While Sagal states that musically, Etta James was “the biggest teacher I ever had,” Bette Midler taught her theatricality during the years spent inside the Divine Miss M’s legendary ’70s road tours. “It was a great time to be with her. I was in the original group of mermaids. It was different then being a Harlette. Now the Harlettes seem to be more dancers than they are singers!” she laughs. “At that time we were more singers who had to move around a lot and dance.”
H&A‘s rehearsal process reminds Sagal of those days and Midler’s work ethic. “I learned an enormous amount from her. She is probably to this day the hardest working person I’ve ever worked for. Doing this show I now see–because we’re rehearsing like insane people–how with her theatrical background, that was her way of working, too. Tonight we have quick changes and I’m thinking, okay, I’ve got to be on this side of the stage and then I’ve got to be on that side. But that’s what being a Harlette was like. Constantly changing costumes. In and out dancing. It taught me a lot.”
From Peg to Gemma
Sagal’s road to the Taper and television stardom evolved in part out of a mid-’80s Equity Waiver mounting of the Paul Gordon and Jay Gruska-penned pop musical initially called Backstreet. The singer’s current manager saw her in the tiny Pasadena production and asked if she wanted an agent. Sagal told her she was really a musician who was doing the show as a favor to her friends and didn’t know if she really wanted to act. Six months later, she walked onto the Taper stage as a Russian poet in the summer 1985 west coast premiere of Elizabeth Swados and Paul Schmidt’s rock opera The Beautiful Lady. LA Times theatre critic Dan Sullivan singled her out: “Equally young, gifted and mad are the women…especially, Katey Sagal’s abandoned (and how she loves it) Tsvetaeva.”
CBS came calling and asked her to read for Mary starring Mary Tyler Moore. She got the part. While she’d done a few bit roles in TV movies in the ’70s, this was her first real TV series role. The series lasted 13 episodes but it led to her being cast as Peg Bundy in Fox Television’s first primetime series Married…With Children, which debuted in 1987 and ran for 11 seasons ending in 1997. For the next 10 years she continued to be a familiar TV presence on sitcoms like Tucker and 8 Simple Rules for Dating My Teenage Daughter, the animated series Futurama, television movies, recurring roles on Boston Legal and Eli Stone plus numerous guest appearances including character John Locke’s fiancée Helen Norwood on Lost.
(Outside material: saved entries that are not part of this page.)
Lemma colax_comonad : is_comonad Delta eps -> is_comonad DeltaF epsF.
Proof.
  destruct HFcolax as (_ & Hassoc & Hlunit & Hrunit).
  intros (HDelta & Hepsl & Hepsr); split; [|split];
    apply (vcomp1r_inj HK'); rewrite ?(whiskerr_vcomp HK'), ?(whiskerl_vcomp HK'); rassoc.
  - vrewrite (Fc2_whiskerr b Delta); vrewrite (Hassoc _ _ _ _ b b b).
    vrewrite (Fc2_whiskerl b Delta); rewrite !Fcell_vcomp_rw.
    assert (HDelta' : asc b b b · (Delta ⊚ id2 b) · Delta = (id2 b ⊚ Delta) · Delta).
    { rewrite <- (vcompA HK), HDelta, !(vcompA HK); unfold asc, asc_inv.
      rewrite (ecellK HK), (vcomp1l HK); reflexivity. }
    rewrite HDelta'; reflexivity.
  - vrewrite (Fc2_whiskerr b eps); vrewrite (Hlunit _ _ b); rewrite !Fcell_vcomp_rw.
    rewrite <- (vcompA HK), Hepsl; unfold lu, lu_inv.
    rewrite (ecellK HK), Fcell_id2, (vcomp1l HK'); reflexivity.
  - vrewrite (Fc2_whiskerl b eps); vrewrite (Hrunit _ _ b); rewrite !Fcell_vcomp_rw.
    rewrite <- (vcompA HK), Hepsr; unfold ru, ru_inv.
    rewrite (ecellK HK), Fcell_id2, (vcomp1l HK'); reflexivity.
Qed.

Lemma bilax_distributive : is_distributive muF etaF DeltaF epsF (Fnu F b b).
Proof.
  destruct HFnu as (_ & _ & _ & _ & Hmull & Hunitl & Hmulr & Hunitr
                    & Hcomull & Hcounitl & Hcomulr & Hcounitr & _).
  repeat apply conj;
    apply (vcomp1r_inj HK'); rewrite ?(whiskerr_vcomp HK'), ?(whiskerl_vcomp HK'); rassoc.
  - vrewrite (Fnu_whiskerr b mu); vrewrite (Hmull _ b b b); reflexivity.
  - vrewrite (Fnu_whiskerr b eta); vrewrite (Hunitl _ b); reflexivity.
  - vrewrite (Fnu_whiskerl b mu); vrewrite (Hmulr _ b b b); reflexivity.
  - vrewrite (Fnu_whiskerl b eta); vrewrite (Hunitr _ b); reflexivity.
  - vrewrite (eq_sym (Fnu_whiskerl b Delta)); vrewrite (Hcomull _ b b b); reflexivity.
  - vrewrite (eq_sym (Fnu_whiskerl b eps)); vrewrite (Hcounitl _ b); reflexivity.
  - vrewrite (eq_sym (Fnu_whiskerr b Delta)); vrewrite (Hcomulr _ b b b); reflexivity.
  - vrewrite (eq_sym (Fnu_whiskerr b eps)); vrewrite (Hcounitr _ b); reflexivity.
Qed.

Lemma bilax_comult_mult :
  (mu ⊚ mu) · midw (c b b) · (Delta ⊚ Delta) = Delta · mu ->
  (muF ⊚ muF) · midw (Fnu F b b) · (DeltaF ⊚ DeltaF) = DeltaF · muF.
Proof.
  destruct HFnu as (_ & _ & _ & _ & _ & _ & _ & _ & _ & _ & _ & _ & Hcompat & _).
  intros Hbimonad; apply (vcomp1r_inj HK'); rewrite !(interchange HK'); rassoc.
  rewrite (vcomp3_rw HK' (Hcompat A A A b b b b)); rassoc.
  vrewrite (Fc2_natural mu mu); vrewrite (Fl2_natural Delta Delta).
  rewrite !Fcell_vcomp_rw, Hbimonad; reflexivity.
Qed.

Lemma bilax_counit_mult :
  lu (id1 A) · (eps ⊚ eps) = eps · mu -> lu (id1 (Fob F A)) · (epsF ⊚ epsF) = epsF · muF.
Proof.
  destruct HFnu as (_ & _ & _ & _ & _ & _ & _ & _ & _ & _ & _ & _ & _ & _ & Hcounit & _).
  intros Hbimonad; apply (vcomp1r_inj HK'); rewrite !(interchange HK'); rassoc.
  vrewrite (Hcounit A); vrewrite (Fl2_natural eps eps).
  rewrite !Fcell_vcomp_rw, Hbimonad; reflexivity.
Qed.

Lemma bilax_comult_unit :
  (eta ⊚ eta) · lu_inv (id1 A) = Delta · eta ->
  (etaF ⊚ etaF) · lu_inv (id1 (Fob F A)) = DeltaF · etaF.
Proof.
  destruct HFnu as (_ & _ & _ & _ & _ & _ & _ & _ & _ & _ & _ & _ & _ & Hunit & _).
  intros Hbimonad; apply (vcomp1r_inj HK'); rewrite !(interchange HK'); rassoc.
  vrewrite (Hunit A); vrewrite (Fc2_natural eta eta).
  rewrite !Fcell_vcomp_rw, Hbimonad; reflexivity.
Qed.

Lemma bilax_counit_unit : eps · eta = id2 (id1 A) -> epsF · etaF = id2 (id1 (Fob F A)).
Proof.
  destruct HFnu as (_ & _ & _ & _ & _ & _ & _ & _ & _ & _ & _ & _ & _ & _ & _ & Hcounit_unit).
  intros Hbimonad; rassoc.
  rewrite Fcell_vcomp_rw, Hbimonad, Fcell_id2, (vcomp1l HK'); apply Hcounit_unit.
Qed.
End Transport.

Theorem proposition4p9 (K K' : Cat2) (HK : is_2cat K) (HK' : is_2cat K')
  (c : forall (A : ob K) (g f : hom A A), cell (g ∘ f) (f ∘ g))
  (Hc : is_YB_operator c)
  (F : bilax_data K K') (HF : is_bilax c F)
  (A : ob K) (b : hom A A)
  (mu : cell (b ∘ b) b) (eta : cell (id1 A) b)
  (Delta : cell b (b ∘ b)) (eps : cell b (id1 A))
  (Hb : is_c_bimonad c mu eta Delta eps) :
  is_tau_bimonad
    (Fcell F mu · Fl2 F b b)          (* mu^F    *)
    (Fcell F eta · Fl0 F A)           (* eta^F   *)
    (Fc2 F b b · Fcell F Delta)       (* Delta^F *)
    (Fc0 F A · Fcell F eps)           (* eps^F   *)
    (Fnu F b b).
Proof.
  destruct HF as (HFfun & HFlax & HFcolax & HFnu).
  destruct Hb as (Hmonad & Hcomonad & _ & Hmult & Hcounit & Hunit & Hcounit_unit).
  refine (conj _ (conj _ (conj _ (conj _ (conj _ (conj _ _)))))).
  - exact (lax_monad HK HK' HFfun HFlax Hmonad).
  - exact (colax_comonad HK HK' HFfun HFcolax Hcomonad).
  - exact (bilax_distributive HK' HFfun HFnu mu eta Delta eps).
  - exact (bilax_comult_mult HK' HFfun HFlax HFcolax HFnu Hmult).
  - exact (bilax_counit_mult HK' HFfun HFlax HFnu Hcounit).
  - exact (bilax_comult_unit HK' HFfun HFcolax HFnu Hunit).
  - exact (bilax_counit_unit HK' HFfun HFnu Hcounit_unit).
Qed.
Then in September 2008, Sagal streaked her hair and slid onto a motorcycle for the series premiere of Sons of Anarchy.
She acknowledges the journey from Peg Bundy to Gemma Teller Morrow had its share of detours. “I kind of went on this comedy trajectory which was fabulous and then when you’re in people’s living rooms for that many years as one thing, they don’t necessarily buy you in another role. It took a minute. It just took a minute. You know? And I like to do different things. I like to stay interested-as you can see!” she laughs.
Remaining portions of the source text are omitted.